TASK »
Within the listing below, the lines to output run from the one containing "simpl in Hj;" through the one containing "Proof. induction l"; copy them exactly and nothing else.

SUPPLIED ENTRIES »

· · ·

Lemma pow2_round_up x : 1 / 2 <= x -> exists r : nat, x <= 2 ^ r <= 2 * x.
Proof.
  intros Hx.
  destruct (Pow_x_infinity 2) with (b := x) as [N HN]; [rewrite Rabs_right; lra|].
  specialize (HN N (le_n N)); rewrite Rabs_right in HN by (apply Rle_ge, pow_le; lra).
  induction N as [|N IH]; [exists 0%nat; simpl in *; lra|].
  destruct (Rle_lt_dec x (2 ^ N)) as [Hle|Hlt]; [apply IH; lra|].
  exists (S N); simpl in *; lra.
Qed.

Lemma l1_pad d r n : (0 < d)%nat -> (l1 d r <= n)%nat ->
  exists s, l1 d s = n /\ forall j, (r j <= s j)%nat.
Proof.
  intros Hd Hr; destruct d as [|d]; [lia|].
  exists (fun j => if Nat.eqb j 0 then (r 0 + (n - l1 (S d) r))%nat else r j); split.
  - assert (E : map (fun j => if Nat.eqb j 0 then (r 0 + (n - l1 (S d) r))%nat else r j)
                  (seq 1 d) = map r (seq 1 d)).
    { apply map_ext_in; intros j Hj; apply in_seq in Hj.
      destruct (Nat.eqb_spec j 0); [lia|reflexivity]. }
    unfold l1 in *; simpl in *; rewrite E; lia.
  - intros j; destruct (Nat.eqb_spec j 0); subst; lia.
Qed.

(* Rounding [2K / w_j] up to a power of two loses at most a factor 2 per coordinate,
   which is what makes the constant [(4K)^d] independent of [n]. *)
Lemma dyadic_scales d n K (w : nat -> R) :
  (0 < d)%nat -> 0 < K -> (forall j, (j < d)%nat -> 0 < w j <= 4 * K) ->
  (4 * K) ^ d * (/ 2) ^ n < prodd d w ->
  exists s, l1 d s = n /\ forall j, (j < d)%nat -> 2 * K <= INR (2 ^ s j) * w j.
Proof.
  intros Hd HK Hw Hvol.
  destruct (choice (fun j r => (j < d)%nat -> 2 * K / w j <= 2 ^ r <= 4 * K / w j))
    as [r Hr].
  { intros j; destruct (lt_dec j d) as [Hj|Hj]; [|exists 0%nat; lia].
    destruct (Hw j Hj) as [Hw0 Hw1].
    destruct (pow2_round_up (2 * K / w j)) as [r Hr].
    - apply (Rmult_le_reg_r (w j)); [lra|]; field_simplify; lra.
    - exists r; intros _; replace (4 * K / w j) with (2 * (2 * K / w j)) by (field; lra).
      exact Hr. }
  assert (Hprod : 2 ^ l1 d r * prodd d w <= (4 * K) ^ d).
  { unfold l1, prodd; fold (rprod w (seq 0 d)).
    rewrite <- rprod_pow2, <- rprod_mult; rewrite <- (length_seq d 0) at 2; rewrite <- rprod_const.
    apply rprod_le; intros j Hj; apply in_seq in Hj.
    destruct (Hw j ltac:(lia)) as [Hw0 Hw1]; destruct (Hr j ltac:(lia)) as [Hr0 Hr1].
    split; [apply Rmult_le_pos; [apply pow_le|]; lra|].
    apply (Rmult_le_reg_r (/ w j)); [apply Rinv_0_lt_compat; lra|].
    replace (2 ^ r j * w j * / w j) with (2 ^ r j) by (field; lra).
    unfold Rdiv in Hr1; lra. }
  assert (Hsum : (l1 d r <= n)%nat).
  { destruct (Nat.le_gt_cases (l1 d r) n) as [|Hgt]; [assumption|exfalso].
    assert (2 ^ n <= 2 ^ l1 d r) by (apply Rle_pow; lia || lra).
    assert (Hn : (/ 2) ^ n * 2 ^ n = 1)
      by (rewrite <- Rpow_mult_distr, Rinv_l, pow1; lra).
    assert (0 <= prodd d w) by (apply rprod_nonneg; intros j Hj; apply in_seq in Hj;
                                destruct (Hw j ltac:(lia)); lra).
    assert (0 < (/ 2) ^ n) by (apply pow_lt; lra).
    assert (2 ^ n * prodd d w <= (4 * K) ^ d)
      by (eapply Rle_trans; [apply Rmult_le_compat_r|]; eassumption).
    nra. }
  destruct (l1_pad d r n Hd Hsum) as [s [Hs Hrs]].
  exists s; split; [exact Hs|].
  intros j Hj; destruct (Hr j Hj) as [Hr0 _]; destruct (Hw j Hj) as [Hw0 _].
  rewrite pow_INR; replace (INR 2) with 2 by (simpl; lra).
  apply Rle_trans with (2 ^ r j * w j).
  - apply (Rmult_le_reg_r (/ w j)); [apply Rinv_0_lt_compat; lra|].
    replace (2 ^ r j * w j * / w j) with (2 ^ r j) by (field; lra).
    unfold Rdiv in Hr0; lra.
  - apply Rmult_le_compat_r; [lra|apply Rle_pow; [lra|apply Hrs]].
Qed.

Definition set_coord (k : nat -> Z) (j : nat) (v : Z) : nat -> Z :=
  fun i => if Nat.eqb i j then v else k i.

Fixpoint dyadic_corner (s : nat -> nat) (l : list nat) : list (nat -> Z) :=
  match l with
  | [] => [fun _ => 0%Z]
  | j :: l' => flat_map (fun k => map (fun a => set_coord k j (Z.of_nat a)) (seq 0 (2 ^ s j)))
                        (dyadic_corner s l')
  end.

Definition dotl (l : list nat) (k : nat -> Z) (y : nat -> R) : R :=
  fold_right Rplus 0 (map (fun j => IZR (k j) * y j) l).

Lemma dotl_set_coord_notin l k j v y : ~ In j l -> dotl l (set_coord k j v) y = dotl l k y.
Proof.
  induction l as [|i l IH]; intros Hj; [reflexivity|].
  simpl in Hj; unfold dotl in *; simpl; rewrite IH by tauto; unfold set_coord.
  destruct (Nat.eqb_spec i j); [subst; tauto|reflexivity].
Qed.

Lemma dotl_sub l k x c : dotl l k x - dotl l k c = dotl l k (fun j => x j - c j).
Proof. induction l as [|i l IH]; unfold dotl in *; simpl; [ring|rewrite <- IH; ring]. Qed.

· · ·

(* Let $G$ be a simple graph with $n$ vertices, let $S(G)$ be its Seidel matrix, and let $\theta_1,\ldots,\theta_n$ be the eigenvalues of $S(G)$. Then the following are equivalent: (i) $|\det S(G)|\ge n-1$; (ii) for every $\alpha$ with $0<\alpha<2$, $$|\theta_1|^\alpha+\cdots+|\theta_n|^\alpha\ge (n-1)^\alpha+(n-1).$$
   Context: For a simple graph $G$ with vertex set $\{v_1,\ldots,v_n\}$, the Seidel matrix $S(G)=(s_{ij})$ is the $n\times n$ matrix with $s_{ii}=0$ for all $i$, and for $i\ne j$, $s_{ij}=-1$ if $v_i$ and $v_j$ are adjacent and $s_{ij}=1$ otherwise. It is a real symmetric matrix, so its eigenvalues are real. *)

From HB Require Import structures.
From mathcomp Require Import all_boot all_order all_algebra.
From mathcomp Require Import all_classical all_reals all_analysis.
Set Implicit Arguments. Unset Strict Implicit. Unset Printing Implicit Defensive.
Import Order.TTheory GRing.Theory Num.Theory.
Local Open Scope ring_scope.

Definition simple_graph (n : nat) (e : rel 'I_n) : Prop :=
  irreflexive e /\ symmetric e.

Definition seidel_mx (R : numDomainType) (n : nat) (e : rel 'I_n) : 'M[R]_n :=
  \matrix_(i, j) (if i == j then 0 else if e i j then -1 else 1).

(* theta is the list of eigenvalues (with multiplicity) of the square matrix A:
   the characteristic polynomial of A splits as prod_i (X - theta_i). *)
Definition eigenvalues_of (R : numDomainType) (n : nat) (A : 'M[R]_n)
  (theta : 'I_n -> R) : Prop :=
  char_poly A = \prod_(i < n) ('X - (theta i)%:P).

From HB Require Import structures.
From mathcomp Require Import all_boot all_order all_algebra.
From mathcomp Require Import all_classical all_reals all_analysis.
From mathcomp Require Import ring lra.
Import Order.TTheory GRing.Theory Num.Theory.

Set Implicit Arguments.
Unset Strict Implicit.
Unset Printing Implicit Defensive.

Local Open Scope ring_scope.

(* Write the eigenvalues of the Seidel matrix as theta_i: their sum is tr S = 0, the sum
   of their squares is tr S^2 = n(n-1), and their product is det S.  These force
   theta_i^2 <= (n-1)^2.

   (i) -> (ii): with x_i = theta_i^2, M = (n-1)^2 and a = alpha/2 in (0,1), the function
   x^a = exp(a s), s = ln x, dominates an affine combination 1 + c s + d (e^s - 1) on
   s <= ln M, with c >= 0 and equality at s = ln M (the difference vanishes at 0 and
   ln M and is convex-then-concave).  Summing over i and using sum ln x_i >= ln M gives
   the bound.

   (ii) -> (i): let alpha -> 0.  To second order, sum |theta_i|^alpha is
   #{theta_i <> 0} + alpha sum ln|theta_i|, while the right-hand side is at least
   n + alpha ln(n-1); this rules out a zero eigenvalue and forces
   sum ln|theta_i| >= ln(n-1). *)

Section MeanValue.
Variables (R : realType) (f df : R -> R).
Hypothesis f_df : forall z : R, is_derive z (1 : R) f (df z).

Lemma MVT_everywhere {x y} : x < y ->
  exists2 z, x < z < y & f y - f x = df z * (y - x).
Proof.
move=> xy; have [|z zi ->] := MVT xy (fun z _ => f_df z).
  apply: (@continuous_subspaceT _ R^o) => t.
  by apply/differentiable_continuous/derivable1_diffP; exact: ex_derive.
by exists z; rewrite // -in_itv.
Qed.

· · ·

YOUR SOLUTION »
  simpl in Hj; unfold dotl in *; simpl; rewrite IH by tauto; unfold set_coord.
  destruct (Nat.eqb_spec i j); [subst; tauto|reflexivity].
Qed.

Lemma dotl_sub l k x c : dotl l k x - dotl l k c = dotl l k (fun j => x j - c j).
Proof. induction l as [|i l IH]; unfold dotl in *; simpl; [ring|rewrite <- IH; ring]. Qed.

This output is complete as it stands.